(Source data)
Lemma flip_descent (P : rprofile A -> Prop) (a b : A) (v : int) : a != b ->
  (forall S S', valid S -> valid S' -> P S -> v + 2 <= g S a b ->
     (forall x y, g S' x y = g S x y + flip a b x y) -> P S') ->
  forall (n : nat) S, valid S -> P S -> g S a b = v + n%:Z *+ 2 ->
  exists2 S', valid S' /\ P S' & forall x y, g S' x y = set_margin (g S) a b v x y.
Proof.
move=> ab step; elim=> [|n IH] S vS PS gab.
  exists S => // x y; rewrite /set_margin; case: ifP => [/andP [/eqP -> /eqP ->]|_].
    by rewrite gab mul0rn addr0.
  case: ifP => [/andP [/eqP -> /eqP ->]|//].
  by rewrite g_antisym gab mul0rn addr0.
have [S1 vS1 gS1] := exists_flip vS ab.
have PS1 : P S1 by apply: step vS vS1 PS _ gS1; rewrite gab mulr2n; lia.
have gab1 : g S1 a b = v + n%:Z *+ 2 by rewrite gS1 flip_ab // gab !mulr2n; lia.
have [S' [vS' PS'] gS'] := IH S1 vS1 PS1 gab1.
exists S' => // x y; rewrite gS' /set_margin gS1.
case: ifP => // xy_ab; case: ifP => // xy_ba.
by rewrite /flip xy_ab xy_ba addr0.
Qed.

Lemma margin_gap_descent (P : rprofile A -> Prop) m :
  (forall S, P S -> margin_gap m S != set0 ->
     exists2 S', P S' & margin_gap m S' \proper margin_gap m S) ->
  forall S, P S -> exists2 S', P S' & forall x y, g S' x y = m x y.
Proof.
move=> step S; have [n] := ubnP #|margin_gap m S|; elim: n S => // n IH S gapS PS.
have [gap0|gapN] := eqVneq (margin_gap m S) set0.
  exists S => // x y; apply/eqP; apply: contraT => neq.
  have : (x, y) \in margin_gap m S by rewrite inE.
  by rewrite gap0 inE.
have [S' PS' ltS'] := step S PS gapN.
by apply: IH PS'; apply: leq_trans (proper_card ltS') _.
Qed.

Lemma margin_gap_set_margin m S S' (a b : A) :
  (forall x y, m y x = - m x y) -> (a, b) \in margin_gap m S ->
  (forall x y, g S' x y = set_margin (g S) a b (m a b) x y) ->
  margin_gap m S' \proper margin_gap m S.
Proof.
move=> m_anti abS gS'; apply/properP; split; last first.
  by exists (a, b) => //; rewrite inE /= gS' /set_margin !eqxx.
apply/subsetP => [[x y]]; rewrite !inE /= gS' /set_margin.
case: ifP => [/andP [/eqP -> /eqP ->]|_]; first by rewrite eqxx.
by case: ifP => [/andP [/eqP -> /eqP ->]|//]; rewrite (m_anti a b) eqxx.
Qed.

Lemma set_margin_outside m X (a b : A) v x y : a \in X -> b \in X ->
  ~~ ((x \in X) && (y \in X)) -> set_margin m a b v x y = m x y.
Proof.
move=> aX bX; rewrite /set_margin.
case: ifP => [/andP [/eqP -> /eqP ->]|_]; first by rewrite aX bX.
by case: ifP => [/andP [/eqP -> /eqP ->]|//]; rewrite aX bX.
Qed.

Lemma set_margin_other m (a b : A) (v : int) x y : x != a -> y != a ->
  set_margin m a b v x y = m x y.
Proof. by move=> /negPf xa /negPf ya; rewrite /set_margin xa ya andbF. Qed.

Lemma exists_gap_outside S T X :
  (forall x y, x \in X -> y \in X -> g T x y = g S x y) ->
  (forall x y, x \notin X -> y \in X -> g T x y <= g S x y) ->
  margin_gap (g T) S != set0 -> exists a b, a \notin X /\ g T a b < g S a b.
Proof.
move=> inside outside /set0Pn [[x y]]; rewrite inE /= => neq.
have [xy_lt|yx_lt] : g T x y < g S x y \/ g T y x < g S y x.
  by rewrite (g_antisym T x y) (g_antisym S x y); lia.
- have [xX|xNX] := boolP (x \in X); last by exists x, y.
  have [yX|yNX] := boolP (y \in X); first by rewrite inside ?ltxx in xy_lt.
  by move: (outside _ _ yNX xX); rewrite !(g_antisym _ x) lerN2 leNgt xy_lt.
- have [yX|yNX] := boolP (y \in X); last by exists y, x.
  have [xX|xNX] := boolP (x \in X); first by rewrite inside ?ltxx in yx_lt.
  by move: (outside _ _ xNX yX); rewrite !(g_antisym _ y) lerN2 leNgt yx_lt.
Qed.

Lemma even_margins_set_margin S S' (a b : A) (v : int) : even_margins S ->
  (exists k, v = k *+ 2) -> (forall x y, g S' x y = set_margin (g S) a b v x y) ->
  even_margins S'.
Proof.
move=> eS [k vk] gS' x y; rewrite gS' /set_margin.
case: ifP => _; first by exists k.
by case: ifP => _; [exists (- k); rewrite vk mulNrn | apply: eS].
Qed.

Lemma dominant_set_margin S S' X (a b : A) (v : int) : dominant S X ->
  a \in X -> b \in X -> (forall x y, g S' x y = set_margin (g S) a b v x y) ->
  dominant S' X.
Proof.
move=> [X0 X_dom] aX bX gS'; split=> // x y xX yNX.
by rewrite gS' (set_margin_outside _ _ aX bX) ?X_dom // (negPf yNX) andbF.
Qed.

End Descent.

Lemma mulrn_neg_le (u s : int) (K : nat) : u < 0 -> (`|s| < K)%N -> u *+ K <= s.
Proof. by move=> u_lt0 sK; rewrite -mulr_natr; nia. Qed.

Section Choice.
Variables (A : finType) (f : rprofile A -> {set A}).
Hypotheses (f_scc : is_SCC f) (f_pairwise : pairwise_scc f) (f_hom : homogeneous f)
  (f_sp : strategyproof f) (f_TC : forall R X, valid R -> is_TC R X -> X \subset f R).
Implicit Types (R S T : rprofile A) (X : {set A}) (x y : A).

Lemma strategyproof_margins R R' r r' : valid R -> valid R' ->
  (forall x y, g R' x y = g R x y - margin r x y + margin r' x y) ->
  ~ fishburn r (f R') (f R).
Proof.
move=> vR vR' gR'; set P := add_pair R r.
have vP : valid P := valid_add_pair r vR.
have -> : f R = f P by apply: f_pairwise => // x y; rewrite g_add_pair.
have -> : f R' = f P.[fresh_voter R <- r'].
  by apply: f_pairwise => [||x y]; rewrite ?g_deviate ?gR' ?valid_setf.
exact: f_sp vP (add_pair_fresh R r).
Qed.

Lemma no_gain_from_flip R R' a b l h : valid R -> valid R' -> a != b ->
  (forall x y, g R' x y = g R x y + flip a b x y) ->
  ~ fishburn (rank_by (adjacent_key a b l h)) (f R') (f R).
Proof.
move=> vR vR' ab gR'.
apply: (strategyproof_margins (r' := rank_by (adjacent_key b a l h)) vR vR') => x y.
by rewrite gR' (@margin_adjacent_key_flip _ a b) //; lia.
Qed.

---

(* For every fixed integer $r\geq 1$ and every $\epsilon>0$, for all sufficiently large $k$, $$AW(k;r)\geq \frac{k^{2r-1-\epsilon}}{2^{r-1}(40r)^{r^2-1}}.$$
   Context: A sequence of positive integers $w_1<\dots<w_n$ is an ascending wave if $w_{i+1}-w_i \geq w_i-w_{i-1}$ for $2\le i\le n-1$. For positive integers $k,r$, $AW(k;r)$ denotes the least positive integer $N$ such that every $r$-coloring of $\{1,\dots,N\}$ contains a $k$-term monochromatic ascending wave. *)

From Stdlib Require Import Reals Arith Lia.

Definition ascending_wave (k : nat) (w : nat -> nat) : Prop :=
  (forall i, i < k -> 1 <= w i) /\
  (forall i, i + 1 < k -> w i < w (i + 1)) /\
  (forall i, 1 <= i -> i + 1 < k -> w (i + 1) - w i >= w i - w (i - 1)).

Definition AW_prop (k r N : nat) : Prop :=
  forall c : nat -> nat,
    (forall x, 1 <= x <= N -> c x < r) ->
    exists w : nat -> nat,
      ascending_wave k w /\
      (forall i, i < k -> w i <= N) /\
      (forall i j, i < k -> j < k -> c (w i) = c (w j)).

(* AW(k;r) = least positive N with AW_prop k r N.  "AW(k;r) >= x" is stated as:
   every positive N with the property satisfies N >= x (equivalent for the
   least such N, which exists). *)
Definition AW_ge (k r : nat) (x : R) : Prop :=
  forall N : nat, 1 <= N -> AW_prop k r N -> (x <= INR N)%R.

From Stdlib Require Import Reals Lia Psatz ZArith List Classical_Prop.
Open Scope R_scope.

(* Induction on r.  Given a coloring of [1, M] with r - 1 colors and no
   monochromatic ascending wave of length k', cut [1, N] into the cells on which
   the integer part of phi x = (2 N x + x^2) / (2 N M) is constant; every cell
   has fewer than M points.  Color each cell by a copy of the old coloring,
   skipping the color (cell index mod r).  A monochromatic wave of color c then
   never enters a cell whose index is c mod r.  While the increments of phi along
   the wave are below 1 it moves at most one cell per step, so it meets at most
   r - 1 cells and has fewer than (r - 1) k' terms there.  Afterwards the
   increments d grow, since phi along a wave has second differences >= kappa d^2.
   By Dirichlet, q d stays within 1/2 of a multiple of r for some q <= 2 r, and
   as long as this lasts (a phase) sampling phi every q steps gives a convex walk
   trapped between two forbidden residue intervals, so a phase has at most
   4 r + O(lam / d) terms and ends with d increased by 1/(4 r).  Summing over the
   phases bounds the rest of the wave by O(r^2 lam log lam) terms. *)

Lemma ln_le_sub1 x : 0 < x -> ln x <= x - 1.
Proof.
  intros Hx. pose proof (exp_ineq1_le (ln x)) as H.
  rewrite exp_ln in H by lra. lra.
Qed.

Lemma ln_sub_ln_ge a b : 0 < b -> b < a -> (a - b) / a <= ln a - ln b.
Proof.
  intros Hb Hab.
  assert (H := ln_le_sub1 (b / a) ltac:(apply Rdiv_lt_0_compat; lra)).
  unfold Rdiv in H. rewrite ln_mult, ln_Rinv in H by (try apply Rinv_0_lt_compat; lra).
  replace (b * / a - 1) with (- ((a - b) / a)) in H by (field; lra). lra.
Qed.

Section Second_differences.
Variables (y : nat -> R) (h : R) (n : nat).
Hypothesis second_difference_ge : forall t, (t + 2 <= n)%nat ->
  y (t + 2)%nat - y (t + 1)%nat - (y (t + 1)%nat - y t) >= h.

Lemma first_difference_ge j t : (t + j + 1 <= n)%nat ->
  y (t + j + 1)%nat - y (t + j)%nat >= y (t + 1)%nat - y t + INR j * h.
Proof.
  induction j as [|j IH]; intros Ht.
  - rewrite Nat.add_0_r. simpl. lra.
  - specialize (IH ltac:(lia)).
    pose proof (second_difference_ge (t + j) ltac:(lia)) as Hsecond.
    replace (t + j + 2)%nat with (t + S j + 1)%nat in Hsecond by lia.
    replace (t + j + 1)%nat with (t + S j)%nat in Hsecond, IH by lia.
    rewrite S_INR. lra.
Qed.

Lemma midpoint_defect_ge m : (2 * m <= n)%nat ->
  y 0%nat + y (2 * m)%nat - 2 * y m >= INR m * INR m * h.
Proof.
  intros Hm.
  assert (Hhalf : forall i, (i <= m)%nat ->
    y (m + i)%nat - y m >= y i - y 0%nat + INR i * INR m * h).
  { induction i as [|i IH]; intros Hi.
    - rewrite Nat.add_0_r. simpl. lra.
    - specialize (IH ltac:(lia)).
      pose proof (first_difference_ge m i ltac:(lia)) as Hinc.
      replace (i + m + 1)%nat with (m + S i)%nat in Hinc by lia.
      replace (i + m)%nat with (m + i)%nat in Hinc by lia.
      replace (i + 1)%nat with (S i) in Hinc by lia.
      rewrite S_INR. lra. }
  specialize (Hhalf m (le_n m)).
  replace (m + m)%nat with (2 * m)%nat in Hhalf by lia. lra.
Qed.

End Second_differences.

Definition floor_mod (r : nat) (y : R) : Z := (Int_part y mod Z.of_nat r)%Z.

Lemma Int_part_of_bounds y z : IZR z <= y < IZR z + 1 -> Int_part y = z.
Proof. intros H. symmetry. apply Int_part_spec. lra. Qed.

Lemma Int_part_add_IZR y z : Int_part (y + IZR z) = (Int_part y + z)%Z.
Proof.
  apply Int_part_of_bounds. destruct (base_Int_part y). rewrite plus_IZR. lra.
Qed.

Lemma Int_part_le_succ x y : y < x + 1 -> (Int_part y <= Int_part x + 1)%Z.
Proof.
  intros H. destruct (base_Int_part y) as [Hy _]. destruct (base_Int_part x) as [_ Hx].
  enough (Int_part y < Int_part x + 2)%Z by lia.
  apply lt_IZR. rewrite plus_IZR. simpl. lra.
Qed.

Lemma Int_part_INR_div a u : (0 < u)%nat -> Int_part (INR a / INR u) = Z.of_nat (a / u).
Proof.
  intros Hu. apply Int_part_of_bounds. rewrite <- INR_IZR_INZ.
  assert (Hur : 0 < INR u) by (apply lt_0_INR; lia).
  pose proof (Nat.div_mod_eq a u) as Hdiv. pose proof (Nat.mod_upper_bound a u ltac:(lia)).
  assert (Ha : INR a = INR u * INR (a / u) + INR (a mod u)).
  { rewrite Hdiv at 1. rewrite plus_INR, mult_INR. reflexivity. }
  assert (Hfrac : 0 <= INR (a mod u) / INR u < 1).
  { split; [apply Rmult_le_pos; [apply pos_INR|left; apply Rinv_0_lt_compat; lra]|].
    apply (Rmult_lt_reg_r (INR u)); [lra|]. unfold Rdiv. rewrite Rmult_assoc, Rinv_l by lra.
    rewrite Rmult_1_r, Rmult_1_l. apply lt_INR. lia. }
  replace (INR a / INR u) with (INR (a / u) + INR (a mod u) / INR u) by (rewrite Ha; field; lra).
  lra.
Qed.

**AIM OF THE EXERCISE**
Starting with the line above that holds "by exists (a, b)" and stopping with the line that holds "- have [yX|yNX]", reproduce each line exactly, omitting all other lines.

**EXERCISE ANSWER**
  by exists (a, b) => //; rewrite inE /= gS' /set_margin !eqxx.
apply/subsetP => [[x y]]; rewrite !inE /= gS' /set_margin.
case: ifP => [/andP [/eqP -> /eqP ->]|_]; first by rewrite eqxx.
by case: ifP => [/andP [/eqP -> /eqP ->]|//]; rewrite (m_anti a b) eqxx.
Qed.

Lemma set_margin_outside m X (a b : A) v x y : a \in X -> b \in X ->
  ~~ ((x \in X) && (y \in X)) -> set_margin m a b v x y = m x y.
Proof.
move=> aX bX; rewrite /set_margin.
case: ifP => [/andP [/eqP -> /eqP ->]|_]; first by rewrite aX bX.
by case: ifP => [/andP [/eqP -> /eqP ->]|//]; rewrite aX bX.
Qed.

Lemma set_margin_other m (a b : A) (v : int) x y : x != a -> y != a ->
  set_margin m a b v x y = m x y.
Proof. by move=> /negPf xa /negPf ya; rewrite /set_margin xa ya andbF. Qed.

Lemma exists_gap_outside S T X :
  (forall x y, x \in X -> y \in X -> g T x y = g S x y) ->
  (forall x y, x \notin X -> y \in X -> g T x y <= g S x y) ->
  margin_gap (g T) S != set0 -> exists a b, a \notin X /\ g T a b < g S a b.
Proof.
move=> inside outside /set0Pn [[x y]]; rewrite inE /= => neq.
have [xy_lt|yx_lt] : g T x y < g S x y \/ g T y x < g S y x.
  by rewrite (g_antisym T x y) (g_antisym S x y); lia.
- have [xX|xNX] := boolP (x \in X); last by exists x, y.
  have [yX|yNX] := boolP (y \in X); first by rewrite inside ?ltxx in xy_lt.
  by move: (outside _ _ yNX xX); rewrite !(g_antisym _ x) lerN2 leNgt xy_lt.
- have [yX|yNX] := boolP (y \in X); last by exists y, x.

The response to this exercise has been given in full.